The second line contains N numbers a1, a2, ..., an separated by spaces, which are the numbers written on the sheets of paper in clockwise order.
Output
For each test case, print a line containing a single number which is the maximum number of guests that can be eligible for participating the the lucky draw.
Constraints
1 ≤ N ≤ 10000
You may assume that each number number on the sheet of paper; ai is randomly generated, i.e. can be with equal probability any number from an interval [0,U], where U is some upper bound (1 ≤ U ≤ 106).
Example
Input:
3
2
0 0
3
3 2 1
6
4 8 6 1 5 2
Output:
1
2
4
On checking the solutions I found this code:
#include <iostream>
#include <vector>
#include <stdlib.h>
#include <algorithm>
#define LIMIT 37
using namespace std;
struct node {
int val;
int index;
};
int N;
int binary(int number, vector<int>& ans) {
int start = 0;
int n = ans.size();
int end = n - 1;
int mid;
if (start == end)
return 0;
while (start != end) {
mid = (start + end) / 2;
if (ans[mid] == number)
break;
if (ans[mid] > number)
end = mid;
else
start = mid + 1;
}
mid = (start + end) / 2;
return mid;
}
void display(vector<int>& list) {
cout << endl;
for (int i = 0; i < list.size(); i++)
cout << list[i] << " ";
cout << endl;
}
int maxsubsequence(vector<int>& list) {
vector<int> ans;
int N = list.size();
ans.push_back(list[0]);
int i;
// display(list);
for (i = 1; i < N; i++) {
int index = binary(list[i], ans);
/*if(index+1<ans.size())
continue;*/
if (list[i] < ans[index])
ans[index] = list[i];
if (list[i] > ans[index])
ans.push_back(list[i]);
// display(ans);
}
return ans.size();
}
int compute(int index, int* g) {
vector<int> list;
list.push_back(g[index]);
int itr = (index + 1) % N;
while (itr != index) {
list.push_back(g[itr]);
itr = (itr + 1) % N;
}
return maxsubsequence(list);
}
int solve(int* g, vector<node> list) {
int i;
int ret = 1;
for (i = 0; i < min(LIMIT, (int)list.size()); i++) {
// cout<<list[i].index<<endl;
ret = max(ret, compute(list[i].index, g));
}
return ret;
}
bool cmp(const node& o1, const node& o2)
{ return (o1.val < o2.val); }
int g[10001];
int main() {
int t;
cin >> t;
while (t--) {
cin >> N;
vector<node> list;
int i;
for (i = 0; i < N; i++) {
node temp;
cin >> g[i];
temp.val = g[i];
temp.index = i;
list.push_back(temp);
}
sort(list.begin(), list.end(), cmp);
cout << solve(g, list) << endl;
}
return 0;
}
Can someone explain this to me. I am well aware of calculating LIS in nlog(n).

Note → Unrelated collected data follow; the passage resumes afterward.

(* Let $G$ be a finite group, let $N$ be a non-trivial normal subgroup of $G$ which is a $p$-group for a prime $p$, and let $x,y\in G$. If $C_N(x)=1$, then there exists $n\in N$ such that $p$ divides the order of $\langle x,yn\rangle$. *)

From mathcomp Require Import all_boot all_fingroup all_solvable.

(* Suppose [p] divides neither [|<x, y>|] nor [|<x, y n>|] for some [n <> 1] in [N].
   Both groups are then complements of the normal [p]-subgroup [N] in the same
   group [N <x, y>], so by Schur-Zassenhaus they are conjugate by some [c] in [N].
   As both contain [x], the commutator [[x, c]] lies in [N] and in a complement of
   [N], hence is trivial; so [c] centralizes [x] and [c = 1].  The two groups then
   coincide and contain [n = y^-1 (y n)], which is impossible as they meet [N]
   trivially. *)

From mathcomp Require Import all_boot all_fingroup all_solvable.
Set Implicit Arguments.
Unset Strict Implicit.
Unset Printing Implicit Defensive.
Local Open Scope group_scope.

Section CoprimeComplements.

Variable gT : finGroupType.
Implicit Types (N H K : {group gT}) (x y c n : gT).

Lemma coprime_complements_conj N H K :
    solvable N -> H \subset 'N(N) -> K \subset 'N(N) ->
    coprime #|N| #|H| -> coprime #|N| #|K| -> N * H = N * K ->
  exists2 c, c \in N & K :=: H :^ c.
Proof.
move=> solN nNH nNK coNH coNK eqNHK.
have cardHK : #|K| = #|H|.
  apply/eqP; rewrite -(eqn_pmul2l (cardG_gt0 N)).
  by rewrite -!TI_cardMg ?coprime_TIg // eqNHK.
have sKNH : K \subset N * H by rewrite eqNHK mulG_subr.
exact: SchurZassenhaus_trans_sol solN nNH sKNH coNH cardHK.
Qed.

Lemma TI_memJ_cent1 N K x c :
    x \in 'N(N) -> c \in N -> N :&: K = 1 -> x \in K -> x ^ c \in K ->
  c \in 'C_N[x].
Proof.
move=> nNx Nc tiNK Kx Kxc.
have xcNK : [~ x, c] \in N :&: K.
  rewrite inE {1}commgEr groupMr // memJ_norm // groupV Nc /=.
  by rewrite commgEl groupM ?groupV.
rewrite tiNK inE in xcNK.
by rewrite inE Nc cent1C; apply/cent1P/commgP.
Qed.

Lemma coprime_complements_eq_cent1 N H K x :
    solvable N -> H \subset 'N(N) -> K \subset 'N(N) ->
    coprime #|N| #|H| -> coprime #|N| #|K| -> N * H = N * K ->
    x \in H -> x \in K -> 'C_N[x] = 1 ->
  H = K.
Proof.
move=> solN nNH nNK coNH coNK eqNHK Hx Kx cNx1.
have [c Nc defK] := coprime_complements_conj solN nNH nNK coNH coNK eqNHK.
have : c \in 'C_N[x].
  apply: (TI_memJ_cent1 (K := K)); rewrite ?(subsetP nNH) ?coprime_TIg //.
  by rewrite defK memJ_conjg.
by rewrite cNx1 inE => /eqP c1; apply: val_inj; rewrite /= defK c1 conjsg1.
Qed.

Lemma joing_set2_mulr N x y n :
  n \in N -> N <*> [set x; y * n] = N <*> [set x; y].
Proof.
move=> Nn; apply/eqP.
rewrite eqEsubset !gen_subG !subUset !sub1set !joing_subl /=.
apply/and3P; split; first (apply/andP; split);
  try by apply: mem_gen; rewrite !inE eqxx ?orbT.
  by apply: groupM; apply: mem_gen; rewrite !inE ?eqxx ?Nn ?orbT.
rewrite -[y in y \in _](mulgK n y).
by apply: groupM; apply: mem_gen; rewrite !inE ?eqxx ?groupV ?Nn ?orbT.
Qed.

End CoprimeComplements.

Theorem lemma2p4 (gT : finGroupType) (G N : {group gT}) (p : nat) (x y : gT) :
  prime p -> N <| G -> N :!=: 1 -> p.-group N ->
  x \in G -> y \in G -> 'C_N[x] = 1 ->
  exists2 n, n \in N & (p %| #|<<[set x; (y * n)%g]>>|)%N.
Proof.
move=> pr_p /andP[sNG nNG] ntN pN Gx Gy cNx1.
have [n Nn n_ne1] := trivgPn _ ntN.
pose H (z : gT) := [group of <<[set x; y * z]>>].
have nNH z : z \in N -> H z \subset 'N(N).
  move=> Nz; apply: subset_trans nNG.
  by rewrite gen_subG subUset !sub1set Gx groupM // (subsetP sNG).
have coNH z : ~~ (p %| #|H z|)%N -> coprime #|N| #|H z|.
  by move=> p'H; apply: (pnat_coprime pN); rewrite p'natE.
have xH z : x \in H z by rewrite mem_gen ?set21.
have mulNH z : z \in N -> N * H z = N * H 1.
  move=> Nz; rewrite -!norm_joinEr ?nNH ?group1 // !joing_idr.
  by rewrite !joing_set2_mulr ?group1.
apply/exists_inP; apply: contraR n_ne1; rewrite negb_exists_in => /forall_inP p'H.
have eqH : H 1 = H n.
  apply: (coprime_complements_eq_cent1 (pgroup_sol pN)) (xH 1) (xH n) cNx1;
    by rewrite ?nNH ?coNH ?p'H ?mulNH ?group1.
have yH1 : y \in H 1 by rewrite /= mulg1 mem_gen ?set22.
have ynH1 : y * n \in H 1 by rewrite eqH mem_gen ?set22.
have : n \in N :&: H 1 by rewrite inE Nn -(mulKg y n) groupM ?groupV.
by rewrite coprime_TIg ?coNH ?p'H // inE.
Qed.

What I am not able to understand is this part:
int ret = 1;
for (i = 0; i < min(LIMIT, (int)list.size()); i++) {
// cout<<list[i].index<<endl;
ret = max(ret, compute(list[i].index, g));
}
and the reason behind sorting
sort(list.begin(),list.end(),cmp);
This algorithm is simply guessing at the starting point and computing the LIS for each of these guesses.
The first value in a LIS is likely to be a small number, so this algorithm simply tries the LIMIT smallest values as potential starting points.
The sort function is used to identify the smallest values.
The for loop is used to check each starting point in turn.
WARNING
Note that this algorithm may fail for certain inputs. For example, consider the sequence
0,1,2,..,49,9900,9901,...,99999,50,51,52,...,9899
The algorithm will try just the first 37 starting points and miss the best starting point at 50.
You can test this by changing the code to:
int main() {
int t;
t=1;
while (t--) {
N=10000;
vector<node> list;
int i;
for (i = 0; i < N; i++) {
node temp;
if (i<50)
g[i]=i;
else if (i<150)
g[i]=9999-150+i;
else
g[i]=i-100;
temp.val = g[i];
temp.index = i;
list.push_back(temp);
}
sort(list.begin(), list.end(), cmp);
cout << solve(g, list) << endl;
}
return 0;
}
This will generate different answers depending on whether LIMIT is 37 or 370.
In practice, for randomly generated sequences it will have a good chance of working (although I don't know how to compute the probability exactly).